Electronic – repeatedly turning an incandescent light bulb on and off every 20 seconds will cause damage to the bulb

energylightrelay

I have seen similar questions to this one but none of them were asked in the range of seconds only minutes.

I just finished building a incubator for chicken eggs and I am using an incandescent light bulb as source of heat. The thing is I used a pretty sensible digital termometer an the light bulb turns on, last ~20 seconds on and then turns off again.
I'm worried this will cause any damage to the light bulb or the relay that acts as a switch.

The incubator works well but I dont want to replace parts every week.

Best Answer

I'm not sure this is so mich an "original" answer as a combination/explanation/redinement of the other 2 already posted answers, but I'll try to help a bit.

  1. As transistor pointed out in the question comments, the 'bulb'-life impact of rapid switching on several varieties of lights is discussed in some detail in If I flick the light switch on and off will it damage the light?

  2. Autistic, Rothloup, and 2 posters in the other thread are all right about 'dimming' the incandescent greatly improving bulb life.

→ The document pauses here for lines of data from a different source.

(* Let $A\subset\omega$ be co-infinite and let $u_0,\dots,u_n\in\mathcal M$ be such that $\bigcup_{k=0}^nu_k(A)$ is co-infinite. Then there exists $\chi\in\mathcal M_A$ such that $\bigcup_{k=0}^n\mathrm{im}(u_k\chi)$ is co-infinite.
   Context: $\omega=\{1,2,\dots\}$, $\mathcal M$ the monoid of injections $\omega\to\omega$, and $\mathcal M_A$ the submonoid of injections fixing $A\subset\omega$ elementwise. A subset of $\omega$ is co-infinite if its complement in $\omega$ is infinite. *)

From mathcomp Require Import all_boot.
From mathcomp Require Import boolp classical_sets cardinality.
Set Implicit Arguments. Unset Strict Implicit. Unset Printing Implicit Defensive.
Local Open Scope classical_set_scope.

(* omega is modelled by nat (a relabelling n |-> n+1 of {1,2,...}). *)

Definition inM (u : nat -> nat) : Prop := injective u.

Definition inMA (A : set nat) (chi : nat -> nat) : Prop :=
  injective chi /\ (forall a, A a -> chi a = a).

Definition coinfinite (S : set nat) : Prop := infinite_set (~` S).

(** Let E be the complement of the union of the u_k(A) and C the complement
    of A, both infinite. Interleave points e_0 < d_0 < e_1 < d_1 < ... with
    e_i in E and d_i in C, choosing d_i so large that every u_k(d_i) exceeds
    e_i, and then e_(i+1) beyond all the u_k(d_i); thus no e_j is of the form
    u_k(d_i). The injection chi fixing A and sending each x outside A to d_x
    then has every u_k chi avoid all the e_j. *)
From mathcomp Require Import all_boot.
From mathcomp Require Import boolp classical_sets cardinality.
Local Open Scope classical_set_scope.

Lemma infinite_set_nat_gt {S : set nat} m :
  infinite_set S -> exists2 x, S x & (m < x)%N.
Proof.
move=> /infinite_setD/(_ (finite_II m.+1))/infinite_setN0[x [Sx /= xm]].
by exists x; rewrite // ltnNge -ltnS; apply/negP.
Qed.

Lemma infinite_set_inj {S : set nat} {f : nat -> nat} :
  injective f -> (forall i, S (f i)) -> infinite_set S.
Proof.
move=> f_inj Sf; apply/infiniteP/pcard_leP/injfunPex.
by exists f => // i j _ _ /f_inj.
Qed.

Section SeparatingChoices.
Variables (E C : set nat) (n : nat) (u : nat -> nat -> nat).
Hypotheses (E_infinite : infinite_set E) (C_infinite : infinite_set C).
Hypothesis u_inj : forall k, (k <= n)%N -> injective (u k).

Lemma finite_small_values e :
  finite_set (`I_e.+1 `|` \bigcup_(k in [set k | (k <= n)%N]) (u k @^-1` `I_e.+1)).
Proof.
rewrite finite_setU; split; first exact: finite_II.
apply: bigcup_finite => [|k kn].
  by apply: (@sub_finite_set _ _ `I_n.+1 _ (finite_II _)) => k /=; rewrite ltnS.
by apply: finite_preimage (finite_II _) => x y _ _; apply: u_inj.
Qed.

Lemma exists_separated_pair m :
  exists e, [/\ E e, (m < e)%N &
    exists d, [/\ C d, (e < d)%N & forall k, (k <= n)%N -> (e < u k d)%N]].
Proof.
have [e Ee me] := infinite_set_nat_gt m E_infinite.
exists e; split=> //.
have /infinite_setN0[d [Cd /= large_d]] :=
  infinite_setD C_infinite (finite_small_values e).
exists d; split=> // [|k kn]; rewrite ltnNge -ltnS; apply/negP => small.
  by apply: large_d; left.
by apply: large_d; right; exists k.
Qed.

Lemma exists_separating_choices :
  exists ep dp : nat -> nat,
    [/\ forall m, E (ep m), forall m, C (dp m), forall m, (m < ep m)%N,
        forall m, (ep m < dp m)%N &
        forall m k, (k <= n)%N -> (ep m < u k (dp m))%N].
Proof.
have [ep ep_spec] := choice exists_separated_pair.
have [Eep ep_gt /choice[dp dp_spec]] := all_and3 ep_spec.
have [Cdp ep_lt_dp ep_lt_u_dp] := all_and3 dp_spec.
by exists ep, dp.
Qed.

End SeparatingChoices.

Section Interleaving.
Variables (n : nat) (u : nat -> nat -> nat) (ep dp : nat -> nat).
Hypothesis ep_gt : forall m, (m < ep m)%N.
Hypothesis ep_lt_dp : forall m, (ep m < dp m)%N.
Hypothesis ep_lt_u_dp : forall m k, (k <= n)%N -> (ep m < u k (dp m))%N.

(* [ep m < dp m] is a separated pair chosen beyond the threshold [m]; the
   next threshold bounds [dp m] and all the [u k (dp m)]. *)
Let next m := maxn (dp m) (\max_(k < n.+1) u k (dp m)).
Let thr i := iter i next 0.

Lemma dp_thr_le i : (dp (thr i) <= thr i.+1)%N.
Proof. exact: leq_maxl. Qed.

Lemma u_dp_thr_le i k : (k <= n)%N -> (u k (dp (thr i)) <= thr i.+1)%N.
Proof.
rewrite -ltnS => kn; have -> : thr i.+1 = next (thr i) by [].
apply: leq_trans (leq_maxr _ _).
exact: (@leq_bigmax _ (fun j : 'I_n.+1 => u j (dp (thr i))) (Ordinal kn)).
Qed.

Lemma ep_thr_lt i : (ep (thr i) < thr i.+1)%N.
Proof. exact: leq_trans (ep_lt_dp _) (dp_thr_le i). Qed.

Lemma thr_increasing : {homo thr : i j / (i < j)%N}.
Proof. by apply: homo_ltn ltn_trans _ => i; apply: ltn_trans (ep_thr_lt i). Qed.

Lemma ep_thr_increasing : {homo ep \o thr : i j / (i < j)%N}.
Proof.
by apply: homo_ltn ltn_trans _ => i; apply: ltn_trans (ep_thr_lt i) (ep_gt _).
Qed.

Lemma dp_thr_increasing : {homo dp \o thr : i j / (i < j)%N}.
Proof.
apply: homo_ltn ltn_trans _ => i /=.
exact: leq_ltn_trans (dp_thr_le i) (ltn_trans (ep_gt _) (ep_lt_dp _)).
Qed.

Lemma ep_thr_neq_u_dp_thr i j k :
  (k <= n)%N -> ep (thr j) <> u k (dp (thr i)).
Proof.
move=> kn; apply/eqP; rewrite neq_ltn; case: (leqP j i) => [ji|ij].
  have ep_le : (ep (thr j) <= ep (thr i))%N.
    by have /= -> := leq_mono ep_thr_increasing j i.
  by rewrite (leq_ltn_trans ep_le (ep_lt_u_dp _ _ kn)).
have thr_le : (thr i.+1 <= thr j)%N by rewrite (leq_mono thr_increasing).
have thrS_lt_ep := leq_ltn_trans thr_le (ep_gt (thr j)).
by rewrite (leq_ltn_trans (u_dp_thr_le _ _ kn) thrS_lt_ep) orbT.
Qed.

Lemma exists_interleaving_thresholds : exists s : nat -> nat,
  [/\ injective (ep \o s), injective (dp \o s) &
      forall i j k, (k <= n)%N -> ep (s j) <> u k (dp (s i))].
Proof.
exists thr; split; last exact: ep_thr_neq_u_dp_thr.
  exact/incn_inj/leq_mono/ep_thr_increasing.
exact/incn_inj/leq_mono/dp_thr_increasing.
Qed.

End Interleaving.

Definition extend_id (A : set nat) (d : nat -> nat) x :=
  if `[< A x >] then x else d x.

Lemma extend_id_inMA A d :
  injective d -> (forall x, ~ A (d x)) -> inMA A (extend_id A d).
Proof.
move=> d_inj dNA; split=> [x y|a Aa]; rewrite /extend_id; last first.
  by case: asboolP.
case: asboolP => Ax; case: asboolP => Ay //.
- by move=> xd; have := dNA y; rewrite -xd.
- by move=> dy; have := dNA x; rewrite dy.
- exact: d_inj.
Qed.

Lemma range_comp_extend_id (v : nat -> nat) A d :
  range (v \o extend_id A d) `<=` v @` A `|` range (v \o d).
Proof.
move=> _ [x _ <-]; rewrite /extend_id /=; case: asboolP => Ax.
  by left; exists x.
by right; exists x.
Qed.

Theorem proposition2p7 (A : set nat) (n : nat) (u : nat -> nat -> nat) :
  coinfinite A ->
  (forall k, (k <= n)%N -> inM (u k)) ->
  coinfinite (\bigcup_(k in [set k | (k <= n)%N]) (u k @` A)) ->
  exists chi : nat -> nat, inMA A chi /\
    coinfinite (\bigcup_(k in [set k | (k <= n)%N]) range (u k \o chi)).
Proof.
rewrite /coinfinite /inM => CA_infinite u_inj E_infinite.
have [ep [dp [Eep CAdp ep_gt ep_lt_dp ep_lt_u_dp]]] :=
  @exists_separating_choices _ _ n u E_infinite CA_infinite u_inj.
have [s [ep_inj dp_inj ep_neq_u_dp]] :=
  @exists_interleaving_thresholds n u ep dp ep_gt ep_lt_dp ep_lt_u_dp.
exists (extend_id A (dp \o s)); split.
  by apply: extend_id_inMA => // x; apply: CAdp.
apply: (infinite_set_inj ep_inj) => j [k kn /range_comp_extend_id[]].
  by move=> uAe; apply: (Eep (s j)); exists k.
by move=> [i _ /= /esym]; apply: ep_neq_u_dp.
Qed.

    • I would recommend using an inductor in SMPS buck-converter arrangement as likely being the most efficient (be careful though, the efficiency of that one inductor could surprise you, incandescents have a very non-linear response & tend to respond well to under-voltage drive).
    • While the buck converter could arguably be run on from non-rectified ac current, I would personally recommend using rectified & conditioned/smoothed DC (for predictable performance), and a pwm management that never cycles slower that 40KHz (so you don't have to hear it 'sing').
  3. You should definitely replace the relay with solid-state components.

    • At the least, a triac or optoisolator/'solid state relay' can switch your load faster than a mec. relay & love longer.
    • Better by far would be using a bridge rectifier & a capacitor to convert your input to smoothed/conditioned DC, then use a power MOSFET (if you get a 'logic-level drive' one, it won't even need any external buffering transistors) to run the aforementioned buck converter.
  4. Putting it all together, if you PWM a buck converter, with solid-state switchgear, to keep the light somewhere between 'just warm' and 'hot, but barely glowing,' you should be able to maximize your energy efficiency, component lifetime, and the precision/stability of your incubator's temperature control.